China's big four state banks had an average non-performing loan ratio of 16.86 percent at the end of 2003, down 4.71 percentage points from the start of the year, the banking regulator said on Sunday.
The four - Industrial and Commercial Bank of China, Bank of China, China Construction Bank and Agriculture Bank of China - had 1.59 trillion yuan ($192 billion) in bad loans at the end of 2003, the China Banking Regulatory Commission said.
The announcement followed a $45-billion capital injection by the government into the Bank of China and Construction Bank to pave the way for their restructuring and eventual stock listings.
The falling bad loan ratio had "created the foundation and conditions for state-owned commercial banks to conduct joint stock reforms", the commission said in a statement published on its Web site (www.cbrc.gov.cn).

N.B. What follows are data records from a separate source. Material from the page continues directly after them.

Lemma vnorm_sqr X : ((vnorm X ^+ 2)%:C)%C = inner X X.
Proof. by rewrite /vnorm sqr_sqrtr ?Re_inner_ge0 // RRe_real ?ger0_real ?inner_ge0. Qed.

Lemma vnorm_eq0 X : vnorm X = 0 -> X = fun _ => 0.
Proof. by move=> X0; apply: inner_eq0; rewrite -vnorm_sqr X0 expr0n. Qed.

Lemma inner_scale (t : R) X Y :
  inner ((t%:C)%C \*o X) ((t%:C)%C \*o Y) = ((t ^+ 2)%:C)%C * inner X Y.
Proof. by rewrite innerZl innerZr [Num.conj _]conjc_real mulrA -rmorphM expr2. Qed.

Lemma Re_scale (t : R) (z : R[i]) : complex.Re ((t%:C)%C * z) = t * complex.Re z.
Proof. by case: z => a b /=; rewrite mul0r subr0. Qed.

Lemma vnormZ (t : R) X : 0 <= t -> vnorm ((t%:C)%C \*o X) = t * vnorm X.
Proof.
move=> t0; rewrite /vnorm inner_scale Re_scale sqrtrM ?sqr_ge0 //.
by rewrite sqrtr_sqr ger0_norm.
Qed.

Lemma wnormZ M (t : R) X : 0 <= t -> wnorm M ((t%:C)%C \*o X) = t * wnorm M X.
Proof.
move=> t0; rewrite /wnorm einvZ inner_scale Re_scale sqrtrM ?sqr_ge0 //.
by rewrite sqrtr_sqr ger0_norm.
Qed.

Lemma wnorm_hpd_sqrt S M X : ctr S = S -> S ** S = M -> wnorm M X = vnorm (einv S X).
Proof. by move=> S_herm <-; rewrite /wnorm /vnorm einv_ein -{1}S_herm inner_ctr. Qed.

Lemma wnorm_gt0 M X : hpd M -> X <> (fun _ => 0) -> 0 < wnorm M X.
Proof. by case=> _ posM /posM; rewrite ltcE => /andP[_]; rewrite sqrtr_gt0. Qed.

Lemma sup_ge0 (E : set R) : (forall x, E x -> 0 <= x) -> 0 <= sup E.
Proof.
move=> E_ge0; have [[[x Ex] ubE]|/sup_out->//] := pselect (has_sup E).
exact: le_trans (E_ge0 x Ex) (ub_le_sup ubE Ex).
Qed.

Lemma numrange_bounded B : has_ubound [set Normc.normc z | z in numrange B].
Proof.
exists (\sum_i \sum_k Normc.normc (B i k)) => _ [_ [X X1 <-] <-].
have coord_le1 i : `|X i| <= 1.
  have inner1 : inner X X = 1 by rewrite -vnorm_sqr X1 expr1n.
  by rewrite -(ler_pXn2r (n := 2)) ?nnegrE // expr1n -inner1 inner_coord_le.
rewrite -lecR rmorph_sum.
change (`|inner (einv B X) X| <= \sum_i ((\sum_k Normc.normc (B i k))%:C)%C).
rewrite /inner /einv; apply: le_trans (ler_norm_sum _ _ _) _.
apply: ler_sum => i _; rewrite rmorph_sum normrM norm_conjC.
rewrite -[X in _ <= X]mul1r; apply: ler_pM => //.
apply: le_trans (ler_norm_sum _ _ _) _; apply: ler_sum => k _.
by rewrite normrM -[X in _ <= X]mulr1 ler_wpM2l.
Qed.

Lemma numradius_ge0 B : 0 <= numradius B.
Proof. by apply: sup_ge0 => _ [z _ <-]; case: z => a b; apply: sqrtr_ge0. Qed.

Lemma normc_real (t : R) : Normc.normc ((t%:C)%C) = `|t|.
Proof. by rewrite /Normc.normc /= expr0n addr0 sqrtr_sqr. Qed.

Lemma numradius_bound B X :
  Normc.normc (inner (einv B X) X) <= numradius B * vnorm X ^+ 2.
Proof.
have [/vnorm_eq0->|Xpos] := eqVneq (vnorm X) 0.
  by rewrite einv0 inner0r Normc.normc0 mulr_ge0 ?numradius_ge0 ?sqr_ge0.
have X_gt0 : 0 < vnorm X by rewrite lt_def Xpos sqrtr_ge0.
pose c := (vnorm X)^-1; have c_ge0 : 0 <= c by rewrite invr_ge0 ltW.
have U1 : vnorm ((c%:C)%C \*o X) = 1 by rewrite vnormZ // mulVf.
have : Normc.normc (inner (einv B ((c%:C)%C \*o X)) ((c%:C)%C \*o X)) <= numradius B.
  apply: ub_le_sup; first exact: numrange_bounded.
  by exists (inner (einv B ((c%:C)%C \*o X)) ((c%:C)%C \*o X)); first exists ((c%:C)%C \*o X).
rewrite einvZ inner_scale Normc.normcM normc_real ger0_norm ?sqr_ge0 //.
by rewrite /c exprVn mulrC ler_pdivrMr // exprn_gt0.
Qed.

Lemma normC_numradius_bound B X :
  `|inner (einv B X) X| <= ((numradius B)%:C)%C * inner X X.
Proof. by rewrite -vnorm_sqr -rmorphM lecR numradius_bound. Qed.

Lemma inner_expand X Y X' Y' c :
  inner (X \+ c \*o Y) (X' \+ c \*o Y') =
  inner X X' + Num.conj c * inner X Y' + c * inner Y X' + c * Num.conj c * inner Y Y'.
Proof. by rewrite !innerDl !innerDr !innerZl !innerZr; ring. Qed.

Lemma inner_polarization B X Y :
  let q c := inner (einv B (X \+ c \*o Y)) (X \+ c \*o Y) in
  4 * inner (einv B X) Y = q 1 - q (-1) + 'i * q 'i - 'i * q (-'i).
Proof.
rewrite /= !einvD !einvZ !inner_expand !rmorphN rmorph1 /= conjCi opprK.
have : 'i * 'i = -1 :> R[i] := mulCii _.
move: ('i : R[i]) => j jj; apply/eqP; rewrite -subr_eq0; apply/eqP.
transitivity ((j * j + 1) * (2 * inner (einv B X) Y - 2 * inner (einv B Y) X)).
  by ring.
by rewrite jj addNr mul0r.
Qed.

Lemma inner_parallelogram X Y :
  let n c := inner (X \+ c \*o Y) (X \+ c \*o Y) in
  n 1 + n (-1) + n 'i + n (-'i) = 4 * (inner X X + inner Y Y).
Proof.
rewrite /= !inner_expand !rmorphN rmorph1 /= conjCi opprK.
have : 'i * 'i = -1 :> R[i] := mulCii _.
move: ('i : R[i]) => j jj; apply/eqP; rewrite -subr_eq0; apply/eqP.
transitivity ((j * j + 1) * (- 2 * inner Y Y)); first by ring.
by rewrite jj addNr mul0r.
Qed.

Lemma normc_inner_le_numradius B X Y :
  Normc.normc (inner (einv B X) Y) <= numradius B * (vnorm X ^+ 2 + vnorm Y ^+ 2).
Proof.
rewrite -lecR rmorphM rmorphD /= !vnorm_sqr.
have bound4 : `|4 * inner (einv B X) Y| <= ((numradius B)%:C)%C * (4 * (inner X X + inner Y Y)).
  rewrite inner_polarization -inner_parallelogram !mulrDr.
  apply: le_trans (ler_normD _ _) _; rewrite normrN normrM normCi mul1r.
  apply: lerD; last exact: normC_numradius_bound.
  apply: le_trans (ler_normD _ _) _; rewrite normrM normCi mul1r.
  apply: lerD; last exact: normC_numradius_bound.
  apply: le_trans (ler_normD _ _) _; rewrite normrN.
  by apply: lerD; exact: normC_numradius_bound.
by move: bound4; rewrite normrM ger0_norm // mulrCA ler_pM2l.
Qed.

Lemma vnorm_einv_le_numradius B X : vnorm (einv B X) <= 2 * numradius B * vnorm X.
Proof.
set a := vnorm X; set b := vnorm (einv B X).
have [->|b_neq0] := eqVneq b 0; first by rewrite !mulr_ge0 ?numradius_ge0 ?sqrtr_ge0.
have b_gt0 : 0 < b by rewrite lt_def b_neq0 sqrtr_ge0.
have a_gt0 : 0 < a.
  rewrite lt_def sqrtr_ge0 andbT; apply: contra_neq b_neq0 => /vnorm_eq0 X0.
  by rewrite /b X0 einv0 /vnorm inner0r sqrtr0.
(* rescale X to the length of B X, so that both terms of the bound are b^2 *)
pose t := b / a; have t_ge0 : 0 <= t by rewrite divr_ge0 ?ltW.
have := normc_inner_le_numradius B ((t%:C)%C \*o X) (einv B X).
rewrite einvZ innerZl Normc.normcM normc_real -vnorm_sqr normc_real vnormZ //.
rewrite -/a -/b !ger0_norm ?sqr_ge0 // divfK ?gt_eqF //.
have -> : numradius B * (b ^+ 2 + b ^+ 2) = 2 * numradius B * b ^+ 2 by ring.
by rewrite ler_pM2r ?exprn_gt0 // ler_pdivrMr.
Qed.

Lemma exists_einv_neq0 A : A <> @zeroT R N I -> exists X, einv A X <> fun _ => 0.
Proof.
move=> A_neq0; apply: contra_notP A_neq0 => /forallNP A0.
have {}A0 X : einv A X = (fun _ => 0) := contrapT (A0 X).
apply: funext => i; apply: funext => j.
pose e_j : vtensor := fun k => if k == j then 1 else 0.
have /(congr1 (fun f => f i)) := A0 e_j; rewrite /einv /e_j /zeroT => <-.
rewrite (bigD1 j) //= eqxx mulr1 big1 ?addr0 // => k /negbTE ->.
by rewrite mulr0.
Qed.

Section OperatorNorm.
Local Open Scope classical_set_scope.
Variables (M W A : tensor) (c : R).
Hypothesis A_bounded : forall X, wnorm M (einv A X) <= c * wnorm W X.

Lemma opnorm_ge0 : 0 <= opnorm M W A.
Proof. by apply: sup_ge0 => _ [X _ <-]; apply: sqrtr_ge0. Qed.

Lemma opnorm_le : 0 <= c -> opnorm M W A <= c.
Proof.
move=> c_ge0; rewrite /opnorm.
have [ne|/nonemptyPn->] := pselect ([set wnorm M (einv A X) | X in [set X | wnorm W X = 1]] !=set0).
  by apply: ge_sup ne _ => _ [X X1 <-]; rewrite -[c]mulr1 -X1.
by rewrite sup0.
Qed.

Lemma wnorm_le_opnorm X : wnorm M (einv A X) <= opnorm M W A * wnorm W X.
Proof.
have [W0|W_neq0] := eqVneq (wnorm W X) 0.
  by apply: le_trans (A_bounded X) _; rewrite W0 !mulr0.
have W_gt0 : 0 < wnorm W X by rewrite lt_def W_neq0 sqrtr_ge0.
have iW_ge0 : 0 <= (wnorm W X)^-1 by rewrite invr_ge0 ltW.
pose U := (((wnorm W X)^-1)%:C)%C \*o X.
have U1 : wnorm W U = 1 by rewrite wnormZ // mulVf.
have : wnorm M (einv A U) <= opnorm M W A.
  apply: ub_le_sup; last by exists U.
  by exists c => _ [Y Y1 <-]; rewrite -[c]mulr1 -Y1.
by rewrite einvZ wnormZ // mulrC ler_pdivrMr.
Qed.

End OperatorNorm.

Lemma wnorm_einv_le_numradius Mh Nh M W A B X :
  is_hpd_sqrt Mh M -> is_hpd_sqrt Nh W -> Mh ** A = B ** Nh ->
  wnorm M (einv A X) <= 2 * numradius B * wnorm W X.
Proof.
move=> [[Mh_herm _] MhMh] [[Nh_herm _] NhNh] MhA.
rewrite (wnorm_hpd_sqrt _ Mh_herm MhMh) (wnorm_hpd_sqrt _ Nh_herm NhNh).
by rewrite -einv_ein MhA einv_ein vnorm_einv_le_numradius.
Qed.

Lemma opnorm_pinv_ge1 M W A D a b :
  A <> @zeroT R N I -> hpd M -> A ** D ** A = A ->
  (forall X, wnorm M (einv A X) <= a * wnorm W X) ->
  (forall X, wnorm W (einv D X) <= b * wnorm M X) ->
  1 <= opnorm M W A * opnorm W M D.
Proof.
move=> /exists_einv_neq0[X AX_neq0] hM ADA A_bounded D_bounded.
pose Y := einv A X.
have AD_Y : einv A (einv D Y) = Y by rewrite /Y -!einv_ein ADA.
have Y_gt0 : 0 < wnorm M Y := wnorm_gt0 hM AX_neq0.
have : wnorm M Y <= opnorm M W A * opnorm W M D * wnorm M Y.
  rewrite -{1}AD_Y -mulrA; apply: le_trans (wnorm_le_opnorm A_bounded _) _.
  by rewrite ler_wpM2l ?(opnorm_ge0 M W A) ?(wnorm_le_opnorm D_bounded).
by rewrite -ler_pdivrMr // divff ?gt_eqF.
Qed.

End TensorAlgebra.

Theorem theorem6p16 (R : realType) (N : nat) (I : 'I_N -> nat)
  (A M Nw Mh Nh Nhi Adag At Atdag : tensor R I) :
  A <> @zeroT R N I ->
  hpd M -> hpd Nw ->
  is_hpd_sqrt Mh M -> is_hpd_sqrt Nh Nw -> is_inv Nhi Nh ->
  is_wmpinv M Nw A Adag ->
  At = ein (ein Mh A) Nhi ->
  is_wmpinv (@idT R N I) (@idT R N I) At Atdag ->
  1 <= opnorm M Nw A * opnorm Nw M Adag <= 4 * numradius At * numradius Atdag.
Proof.
move=> A_neq0 hM _ hMh hNh hNhi hAdag -> hAtdag.
have At_Nh : ein Mh A = ein (ein (ein Mh A) Nhi) Nh.
  by case: hNhi => _ NhiNh; rewrite -einA NhiNh eint1.
have Atdag_Mh := pinv_transform hAdag hMh hNh hNhi hAtdag.
have A_bounded X := wnorm_einv_le_numradius X hMh hNh At_Nh.
have Adag_bounded X := wnorm_einv_le_numradius X hNh hMh (esym Atdag_Mh).
apply/andP; split.
  by case: hAdag => ADA _ _ _; apply: opnorm_pinv_ge1 A_bounded Adag_bounded.
rewrite -mulrA -[4]/((2 * 2)%:R) natrM mulrACA.
by apply: ler_pM; rewrite ?opnorm_ge0 ?opnorm_le ?mulr_ge0 ?numradius_ge0.
Qed.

The average bad loan ratio was compiled under the traditional loan-classification standards, the commission said.
Western analysts say decades of lending to loss-making state firms has left the true bad loans ratio close to 40 percent.
China's medium-sized joint stock banks, including listed China Merchants Bank and Minsheng Banking Corp, had cut their average bad loan ratio by three percentage points in 2003 to 6.5 percent, the commission said.
The smaller city commercial banks had cut their average non-performing loan ratio by 4.87 percentage points in 2003 to 12.85 percent, while rural credit co-operatives slashed their bad loan ratio by 7.5 percentage points to 29.72 percent, it said.
The regulator would continue to put pressure on banks to cut bad loans this year to help curb financial risks, it said.